What the exercise asks: Please copy the leading lines of the entries below exactly, concluding with the line in which "have [ds hS]" occurs.

Start of Exercise input

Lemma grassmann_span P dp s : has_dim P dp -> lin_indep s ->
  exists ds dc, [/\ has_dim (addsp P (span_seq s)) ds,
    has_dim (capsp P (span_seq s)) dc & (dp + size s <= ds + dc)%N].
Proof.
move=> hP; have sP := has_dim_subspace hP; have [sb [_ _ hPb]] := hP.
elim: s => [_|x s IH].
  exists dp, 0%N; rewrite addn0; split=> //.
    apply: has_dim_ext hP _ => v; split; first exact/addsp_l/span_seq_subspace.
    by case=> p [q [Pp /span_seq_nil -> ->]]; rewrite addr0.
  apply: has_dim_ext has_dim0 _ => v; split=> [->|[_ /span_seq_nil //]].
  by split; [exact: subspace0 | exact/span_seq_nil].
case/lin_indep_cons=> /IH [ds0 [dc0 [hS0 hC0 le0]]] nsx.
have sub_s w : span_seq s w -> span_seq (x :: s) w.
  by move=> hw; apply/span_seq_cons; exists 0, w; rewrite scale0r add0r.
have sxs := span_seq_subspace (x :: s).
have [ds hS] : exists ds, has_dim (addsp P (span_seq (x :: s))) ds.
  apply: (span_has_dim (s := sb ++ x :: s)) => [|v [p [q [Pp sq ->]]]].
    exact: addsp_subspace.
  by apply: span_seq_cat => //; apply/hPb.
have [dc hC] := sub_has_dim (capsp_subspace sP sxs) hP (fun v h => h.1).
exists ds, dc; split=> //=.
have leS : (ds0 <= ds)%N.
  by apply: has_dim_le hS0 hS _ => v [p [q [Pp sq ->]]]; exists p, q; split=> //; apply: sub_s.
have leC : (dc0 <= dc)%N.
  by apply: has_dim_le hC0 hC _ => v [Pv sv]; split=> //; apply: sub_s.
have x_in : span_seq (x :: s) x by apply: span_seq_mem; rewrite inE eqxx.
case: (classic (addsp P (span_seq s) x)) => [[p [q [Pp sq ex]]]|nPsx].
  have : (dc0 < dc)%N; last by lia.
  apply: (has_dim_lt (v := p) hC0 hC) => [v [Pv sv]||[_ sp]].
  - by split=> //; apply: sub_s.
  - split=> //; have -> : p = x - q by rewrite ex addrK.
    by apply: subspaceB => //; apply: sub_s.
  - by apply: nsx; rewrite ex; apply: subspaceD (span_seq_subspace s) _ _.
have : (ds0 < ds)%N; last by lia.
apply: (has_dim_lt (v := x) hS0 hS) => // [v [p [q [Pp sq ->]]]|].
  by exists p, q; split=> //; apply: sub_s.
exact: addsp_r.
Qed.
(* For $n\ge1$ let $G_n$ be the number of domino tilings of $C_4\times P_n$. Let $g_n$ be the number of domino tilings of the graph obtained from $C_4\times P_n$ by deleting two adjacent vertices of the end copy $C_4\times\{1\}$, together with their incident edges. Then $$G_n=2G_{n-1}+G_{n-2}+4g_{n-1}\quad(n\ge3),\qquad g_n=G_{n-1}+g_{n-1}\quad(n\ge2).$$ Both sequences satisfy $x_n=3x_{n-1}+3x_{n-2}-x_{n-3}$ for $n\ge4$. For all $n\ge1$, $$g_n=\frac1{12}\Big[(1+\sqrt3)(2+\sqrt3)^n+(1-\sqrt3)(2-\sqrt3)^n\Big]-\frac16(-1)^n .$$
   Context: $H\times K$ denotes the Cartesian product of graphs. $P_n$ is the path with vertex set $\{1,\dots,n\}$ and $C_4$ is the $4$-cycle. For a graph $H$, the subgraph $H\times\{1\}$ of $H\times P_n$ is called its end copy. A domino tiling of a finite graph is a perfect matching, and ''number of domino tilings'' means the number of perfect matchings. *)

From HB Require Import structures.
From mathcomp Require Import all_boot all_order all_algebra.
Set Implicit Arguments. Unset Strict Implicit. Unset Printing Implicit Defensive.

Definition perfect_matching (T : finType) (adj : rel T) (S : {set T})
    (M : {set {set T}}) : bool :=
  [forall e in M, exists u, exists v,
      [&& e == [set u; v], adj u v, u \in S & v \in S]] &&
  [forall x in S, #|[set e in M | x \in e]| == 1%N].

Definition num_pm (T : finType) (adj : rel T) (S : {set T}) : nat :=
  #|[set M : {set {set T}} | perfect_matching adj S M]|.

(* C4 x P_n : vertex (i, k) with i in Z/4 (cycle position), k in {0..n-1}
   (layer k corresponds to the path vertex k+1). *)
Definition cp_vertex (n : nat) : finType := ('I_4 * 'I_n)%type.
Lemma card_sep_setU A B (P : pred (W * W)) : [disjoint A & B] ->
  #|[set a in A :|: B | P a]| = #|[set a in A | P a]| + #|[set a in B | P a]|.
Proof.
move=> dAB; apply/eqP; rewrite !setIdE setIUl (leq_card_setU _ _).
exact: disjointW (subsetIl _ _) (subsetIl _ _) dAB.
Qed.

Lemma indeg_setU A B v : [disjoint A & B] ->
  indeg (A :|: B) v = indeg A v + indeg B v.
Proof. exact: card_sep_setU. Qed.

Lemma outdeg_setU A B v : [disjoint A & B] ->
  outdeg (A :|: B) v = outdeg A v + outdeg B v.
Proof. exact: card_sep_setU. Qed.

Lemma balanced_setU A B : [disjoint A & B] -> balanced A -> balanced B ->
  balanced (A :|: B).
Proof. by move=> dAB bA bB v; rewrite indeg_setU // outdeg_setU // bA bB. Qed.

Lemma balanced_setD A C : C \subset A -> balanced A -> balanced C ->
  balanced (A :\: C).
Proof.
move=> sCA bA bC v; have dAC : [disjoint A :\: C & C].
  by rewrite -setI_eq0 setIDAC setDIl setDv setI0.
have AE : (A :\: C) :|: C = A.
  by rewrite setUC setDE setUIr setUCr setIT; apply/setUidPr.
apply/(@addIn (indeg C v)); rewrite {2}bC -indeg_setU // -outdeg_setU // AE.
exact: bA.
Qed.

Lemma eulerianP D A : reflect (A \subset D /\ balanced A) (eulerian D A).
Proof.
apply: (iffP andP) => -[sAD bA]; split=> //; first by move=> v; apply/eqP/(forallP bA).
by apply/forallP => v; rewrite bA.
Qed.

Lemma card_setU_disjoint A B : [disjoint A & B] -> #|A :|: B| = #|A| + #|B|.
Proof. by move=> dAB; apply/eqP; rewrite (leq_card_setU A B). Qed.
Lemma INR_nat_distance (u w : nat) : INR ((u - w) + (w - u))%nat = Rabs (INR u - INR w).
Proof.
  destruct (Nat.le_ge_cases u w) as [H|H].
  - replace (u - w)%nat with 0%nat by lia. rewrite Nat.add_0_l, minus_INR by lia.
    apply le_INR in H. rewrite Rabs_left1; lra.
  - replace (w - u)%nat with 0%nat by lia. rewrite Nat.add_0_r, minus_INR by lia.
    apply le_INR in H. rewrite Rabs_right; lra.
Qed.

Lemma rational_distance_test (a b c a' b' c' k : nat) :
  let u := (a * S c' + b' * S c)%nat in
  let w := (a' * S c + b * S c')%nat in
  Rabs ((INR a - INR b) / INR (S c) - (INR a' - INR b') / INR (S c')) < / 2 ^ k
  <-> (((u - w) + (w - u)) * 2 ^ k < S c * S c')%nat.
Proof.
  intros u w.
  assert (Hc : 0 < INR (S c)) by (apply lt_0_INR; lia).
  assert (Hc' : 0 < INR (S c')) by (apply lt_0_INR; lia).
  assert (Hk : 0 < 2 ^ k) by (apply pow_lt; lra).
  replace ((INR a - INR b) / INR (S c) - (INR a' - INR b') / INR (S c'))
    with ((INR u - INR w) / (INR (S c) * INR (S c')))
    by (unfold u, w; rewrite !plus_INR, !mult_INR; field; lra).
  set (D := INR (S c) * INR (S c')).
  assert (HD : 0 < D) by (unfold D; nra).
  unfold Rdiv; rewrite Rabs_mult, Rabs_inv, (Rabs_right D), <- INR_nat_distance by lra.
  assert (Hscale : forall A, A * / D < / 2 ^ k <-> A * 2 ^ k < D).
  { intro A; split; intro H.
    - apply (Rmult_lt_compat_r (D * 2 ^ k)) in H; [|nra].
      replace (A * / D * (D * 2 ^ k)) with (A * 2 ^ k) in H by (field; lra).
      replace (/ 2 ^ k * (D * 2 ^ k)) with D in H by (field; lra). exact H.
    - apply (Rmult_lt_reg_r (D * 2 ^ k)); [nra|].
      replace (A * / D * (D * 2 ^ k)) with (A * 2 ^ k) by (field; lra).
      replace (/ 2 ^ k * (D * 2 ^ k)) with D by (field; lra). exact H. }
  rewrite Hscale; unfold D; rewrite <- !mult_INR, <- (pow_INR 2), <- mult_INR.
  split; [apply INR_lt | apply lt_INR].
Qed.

End of Exercise input

Output for this exercise:
Lemma grassmann_span P dp s : has_dim P dp -> lin_indep s ->
  exists ds dc, [/\ has_dim (addsp P (span_seq s)) ds,
    has_dim (capsp P (span_seq s)) dc & (dp + size s <= ds + dc)%N].
Proof.
move=> hP; have sP := has_dim_subspace hP; have [sb [_ _ hPb]] := hP.
elim: s => [_|x s IH].
  exists dp, 0%N; rewrite addn0; split=> //.
    apply: has_dim_ext hP _ => v; split; first exact/addsp_l/span_seq_subspace.
    by case=> p [q [Pp /span_seq_nil -> ->]]; rewrite addr0.
  apply: has_dim_ext has_dim0 _ => v; split=> [->|[_ /span_seq_nil //]].
  by split; [exact: subspace0 | exact/span_seq_nil].
case/lin_indep_cons=> /IH [ds0 [dc0 [hS0 hC0 le0]]] nsx.
have sub_s w : span_seq s w -> span_seq (x :: s) w.
  by move=> hw; apply/span_seq_cons; exists 0, w; rewrite scale0r add0r.
have sxs := span_seq_subspace (x :: s).
have [ds hS] : exists ds, has_dim (addsp P (span_seq (x :: s))) ds.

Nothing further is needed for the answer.